The paper says that the LD50 "was determined graphically using a pairwise plot of the exposure temperature and the percentage of bud mortality ... for each species." I don't know what that means. It sounds like they did not estimate the LD50 statistically but instead graphed the bud mortality versus the temperature and used linear interpolation (or a smoother) to estimate the temperature at which the mortality is 50%. Here is a graph of the data connected by lines:

title "Bud Mortality in Black Hills Spruce";
proc sgplot data=SpruceBudDamage;
   series x=Temp y=BudMort / markers group=TimeIndoors lineattrs=(thickness=2);
   refline 50 / axis=y lineattrs=(color=red);
   xaxis grid; yaxis grid;
run;

The horizontal red line in the graph is the line of 50% mortality. For each curve, a crude estimate of LD50 is the temperature at which the curve crosses that line. The graphical estimates and the estimates in the paper are shown in the following table. The estimates in the authors' paper are greater than the estimates from my graph, but I do not know why. If you use something other than linear interpolation (for example, a loess smoother), you will get different curves and different estimates.

Although these graphical estimates differ slightly from the published results, the numbers tell the same story. On average, a spruce Christmas tree that is not brought indoors is hardy to about -28C. If you bring a tree indoors for 3 days, it is hardy only to about -25C. The longer a tree is indoors, the more it loses hardiness. For trees that are indoors for 20 days, the median lethal temperature is -18C, or about 10 degrees warmer than for the control group.

Better estimates of LD50

The graphical estimates are crude. They are based on linear interpolation between two consecutive data points: one for which the mortality is below 50% and the next for which the mortality is above 50%. The estimates ignore all other data. Furthermore, the estimates assume that the mortality is linear between those two points, which is not usually the case. The mortality curve is typically a sigmoid (or S-shaped) curve.

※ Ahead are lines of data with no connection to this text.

(* Let $f:\mathbb{R}^n\to\mathbb{R}$, $c:\mathbb{R}^n\to\mathbb{R}^m$, and consider Algorithm 1 (described in the context) under the Standing Assumption of the context. Then for every $k\in\mathbb{N}$ the inner loop over $j$ terminates finitely. Moreover, for all $k\in\mathbb{N}$, $$L_k\le L_{\max}:=\max\{L_{-1},\rho L\}\quad\text{and}\quad\gamma_{k,i}\le\gamma_{\max,i}:=\max\{\gamma_{-1,i},\rho\gamma_i\}\ \text{ for all } i\in\{1,\dots,m\}.$$
   Context: Notation: $g_k=\nabla f(x_k)$, $c_k=c(x_k)$, $J_k=\nabla c(x_k)^T$; $\phi(x,\tau)=\tau f(x)+\|c(x)\|_1$; $\Delta q(x,\tau,g,H,d)=-\tau(g^Td+\frac12\max\{d^THd,0\})+\|c(x)\|_1$. $\{H_k\}$ are symmetric with $\|H_k\|_2\le\kappa_H$ and $u^TH_ku\ge\zeta\|u\|_2^2$ whenever $J_ku=0$. Algorithm 1 (inputs $x_0$, $\tau_{-1}>0$, $\epsilon,\sigma,\eta\in(0,1)$, $\rho>1$, $L_{-1}>0$, $\gamma_{-1,i}>0$): at iteration $k$, $(d_k,y_k)$ solves $H_kd_k+J_k^Ty_k=-g_k$, $J_kd_k=-c_k$; stop if $g_k+J_k^Ty_k=0$ and $c_k=0$. Set $\tau_k^{trial}=\infty$ if $g_k^Td_k+\max\{d_k^TH_kd_k,0\}\le0$, else $\frac{(1-\sigma)\|c_k\|_1}{g_k^Td_k+\max\{d_k^TH_kd_k,0\}}$; $\tau_k=\tau_{k-1}$ if $\tau_{k-1}\le\tau_k^{trial}$, else $(1-\epsilon)\tau_k^{trial}$. Choose $L_{k,0}\in(0,L_{k-1}]$ and $\gamma_{k,i,0}\in(0,\gamma_{k-1,i}]$. For $j=0,1,\dots$: with $\Lambda_{k,j}=\tau_kL_{k,j}+\sum_i\gamma_{k,i,j}$, $\widehat\alpha_{k,j}=\frac{2(1-\eta)\Delta q(x_k,\tau_k,g_k,H_k,d_k)}{\Lambda_{k,j}\|d_k\|_2^2}$, $\widetilde\alpha_{k,j}=\widehat\alpha_{k,j}-\frac{4\|c_k\|_1}{\Lambda_{k,j}\|d_k\|_2^2}$; $\alpha_{k,j}=\widehat\alpha_{k,j}$ if $\widehat\alpha_{k,j}<1$, $1$ if $\widetilde\alpha_{k,j}\le1\le\widehat\alpha_{k,j}$, $\widetilde\alpha_{k,j}$ if $\widetilde\alpha_{k,j}>1$. Let (SD) be $\phi(x_k+\alpha_{k,j}d_k,\tau_k)\le\phi(x_k,\tau_k)-\eta\alpha_{k,j}\Delta q(x_k,\tau_k,g_k,H_k,d_k)$, (LF) be $f(x_k+\alpha_{k,j}d_k)\le f(x_k)+\alpha_{k,j}g_k^Td_k+\frac12L_{k,j}\alpha_{k,j}^2\|d_k\|_2^2$, (LC$_i$) be $|c_i(x_k+\alpha_{k,j}d_k)|\le|c_i(x_k)+\alpha_{k,j}\nabla c_i(x_k)^Td_k|+\frac12\gamma_{k,i,j}\alpha_{k,j}^2\|d_k\|_2^2$. If (SD) holds, or (LF) and all (LC$_i$) hold: set $L_k=L_{k,j}$, $\gamma_{k,i}=\gamma_{k,i,j}$, $\alpha_k=\alpha_{k,j}$, $x_{k+1}=x_k+\alpha_kd_k$ and end the inner loop. Otherwise $L_{k,j+1}=\rho L_{k,j}$ if (LF) fails (else $L_{k,j}$), and $\gamma_{k,i,j+1}=\rho\gamma_{k,i,j}$ if (LC$_i$) fails (else $\gamma_{k,i,j}$). Standing Assumption: there is an open convex set $\mathcal X$ containing all iterates and all trial points $x_k+\alpha_{k,j}d_k$; $f$ is $C^1$ and bounded below on $\mathcal X$, $\nabla f$ is bounded and Lipschitz with constant $L$ on $\mathcal X$; $c$ and $\nabla c^T$ are bounded on $\mathcal X$; each $\nabla c_i$ is Lipschitz with constant $\gamma_i$ on $\mathcal X$; singular values of $\nabla c(x)^T$ bounded away from zero uniformly over $\mathcal X$. *)

From HB Require Import structures.
From mathcomp Require Import all_boot all_order all_algebra.
From mathcomp Require Import all_classical all_reals all_analysis.
Set Implicit Arguments. Unset Strict Implicit. Unset Printing Implicit Defensive.
Import Order.TTheory GRing.Theory Num.Theory.
Import numFieldNormedType.Exports.
Local Open Scope classical_set_scope.
Local Open Scope ring_scope.

Section Defs.
Variable R : realType.

Definition dot (p : nat) (u v : 'cV[R]_p) : R := (u^T *m v) 0 0.
Definition norm1 (p : nat) (v : 'cV[R]_p) : R := \sum_(i < p) `|v i 0|.
Definition sqnorm2 (p : nat) (v : 'cV[R]_p) : R := \sum_(i < p) (v i 0) ^+ 2.
Definition norm2 (p : nat) (v : 'cV[R]_p) : R := Num.sqrt (sqnorm2 v).

Variables n m : nat.

Definition gradc (J : 'cV[R]_n -> 'M[R]_(m, n)) (i : 'I_m) (x : 'cV[R]_n)
  : 'cV[R]_n := (row i (J x))^T.

Definition convex_set (X : set 'cV[R]_n) : Prop :=
  forall a b, X a -> X b -> forall t : R, 0 <= t <= 1 ->
    X ((1 - t) *: a + t *: b).

Definition lipschitz_on (X : set 'cV[R]_n) (G : 'cV[R]_n -> 'cV[R]_n) (K : R) :=
  forall a b, X a -> X b -> norm2 (G a - G b) <= K * norm2 (a - b).

Definition standing_assumption (f : 'cV[R]_n -> R) (g : 'cV[R]_n -> 'cV[R]_n)
  (c : 'cV[R]_n -> 'cV[R]_m) (J : 'cV[R]_n -> 'M[R]_(m, n))
  (X : set 'cV[R]_n) (L : R) (gam : 'I_m -> R) : Prop :=
  [/\ open X, convex_set X,
   (* f is differentiable on X with gradient g (C^1 follows from Lipschitz g) *)
   (forall x, X x -> differentiable f x /\ forall v, 'd f x v = dot (g x) v) &
   (forall i x, X x -> differentiable (fun z => c z i 0) x /\
                       forall v, 'd (fun z => c z i 0) x v = (J x *m v) i 0)] /\
  [/\
   (exists B, forall x, X x -> B <= f x),
   (exists B, forall x, X x -> norm2 (g x) <= B) &
   lipschitz_on X g L] /\
  [/\
   (exists B, forall x, X x -> norm2 (c x) <= B),
   (exists B, forall x v, X x -> norm2 (J x *m v) <= B * norm2 v),
   (forall i, lipschitz_on X (gradc J i) (gam i)) &
   (* singular values of nabla c(x)^T bounded away from zero uniformly *)
   (exists s, 0 < s /\ forall x (u : 'cV[R]_m), X x ->
            s * norm2 u <= norm2 ((J x)^T *m u))].

Definition phi (f : 'cV[R]_n -> R) (c : 'cV[R]_n -> 'cV[R]_m) x (tau : R) : R :=
  tau * f x + norm1 (c x).

Definition Dq (c : 'cV[R]_n -> 'cV[R]_m) x (tau : R) (g : 'cV[R]_n)
  (H : 'M[R]_n) (d : 'cV[R]_n) : R :=
  - tau * (dot g d + 2^-1 * Num.max (dot d (H *m d)) 0) + norm1 (c x).

(* merit parameter update: tau_k from tau_{k-1} (tau_trial = +oo encoded
   by the first branch) *)
Definition tau_update (sigma eps taup : R) (gk : 'cV[R]_n) (ck : 'cV[R]_m)
  (Hk : 'M[R]_n) (dk : 'cV[R]_n) : R :=
  let den := dot gk dk + Num.max (dot dk (Hk *m dk)) 0 in
  if den <= 0 then taup
  else let trial := (1 - sigma) * norm1 ck / den in
       if taup <= trial then taup else (1 - eps) * trial.

Definition alpha_step (eta tau Lkj : R) (gkj : 'I_m -> R) (dq : R)
  (ck : 'cV[R]_m) (dk : 'cV[R]_n) : R :=
  let Lam := tau * Lkj + \sum_(i < m) gkj i in
  let ahat := 2 * (1 - eta) * dq / (Lam * sqnorm2 dk) in
  let atil := ahat - 4 * norm1 ck / (Lam * sqnorm2 dk) in
  if ahat < 1 then ahat else if atil <= 1 then 1 else atil.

Fortunately, we can use statistics to address these concerns. The usual way to estimate LD50 in SAS is to use PROC PROBIT. For these data, we will perform a separate analysis for each value of the TimeIndoors variable. The INVERSECL option on the MODEL statement estimates the Temperature (and confidence limits) for a range of probability values. You can use the ODS OUTPUT statement to write the statistics to a SAS data set so that you can use PROC SGPLOT to overlay all five curves on a single graph, as follows:

proc probit data=SpruceBudDamage plots=(predpplot);
   by TimeIndoors;
   model NEvents / NTrials = Temp / InverseCL;
   ods exclude ProbitAnalysis;
   ods output ProbitAnalysis=ProbitOut;
run;
 
proc sgplot data=ProbitOut;
   band y=Probability lower=LowerCL upper=UpperCL / group=TimeIndoors transparency=0.5;
   series y=Probability x=Variable / group=TimeIndoors;
   refline 0.50 / axis=y lineattrs=(color=brown);
   xaxis grid values=(-30 to -3 by 3); yaxis grid;
run;

For each treatment group (time spent indoors), the graph shows probability curves for bud mortality as a function of the outdoor temperature. The median lethal temperature is where these curves and inverse confidence intervals intersect the line of 0.5 probability. (They are inverse confidence limits because they are for the value of the X value that produces a given Y value.) You can use PROC PRINT to display the estimates for LD50 for each treatment group:

The estimates for LD50 use all the data to model the bud mortality. This method also produces 95% (inverse) confidence limits for the LD50 parameter. For one of the treatment groups (TimeIndoors=14), the confidence limits could not be produced. The documentation for PROC PROBIT discusses why this can happen.

If you want, you can use this table to estimate the differences between the LD50 values.

Summary

In summary, growing beautiful Christmas trees requires a lot of science and statistics. This article analyzes data from an experiment in which potted Christmas trees were brought indoors and later returned outdoors where they can experience freezing temperatures. Trees that are brought indoors lose some of their hardiness and can be damaged by freezing temperatures. This article shows how to use PROC PROBIT in SAS to compute the median lethal temperature (LD50), which is the temperature at which half of the trees would be damaged. After 20 days indoors, a spruce tree will lose about 10 degrees (C) of resistance to freezing temperatures.

If you are thinking about getting a containerized (live) Christmas tree, Cregg (2020) wrote an article about how to take care of it and how to prepare it for transplanting after Christmas. He suggests waiting until spring. In the 2009 experiment, 100% of the trees that had been brought indoors for 10 or more days died within six months of transplanting, as compared to 0% of the control group. This happened even though the outdoor temperature never approached the LD50 level. This experiment was done in Michigan, so the results might not apply to trees in warmer regions.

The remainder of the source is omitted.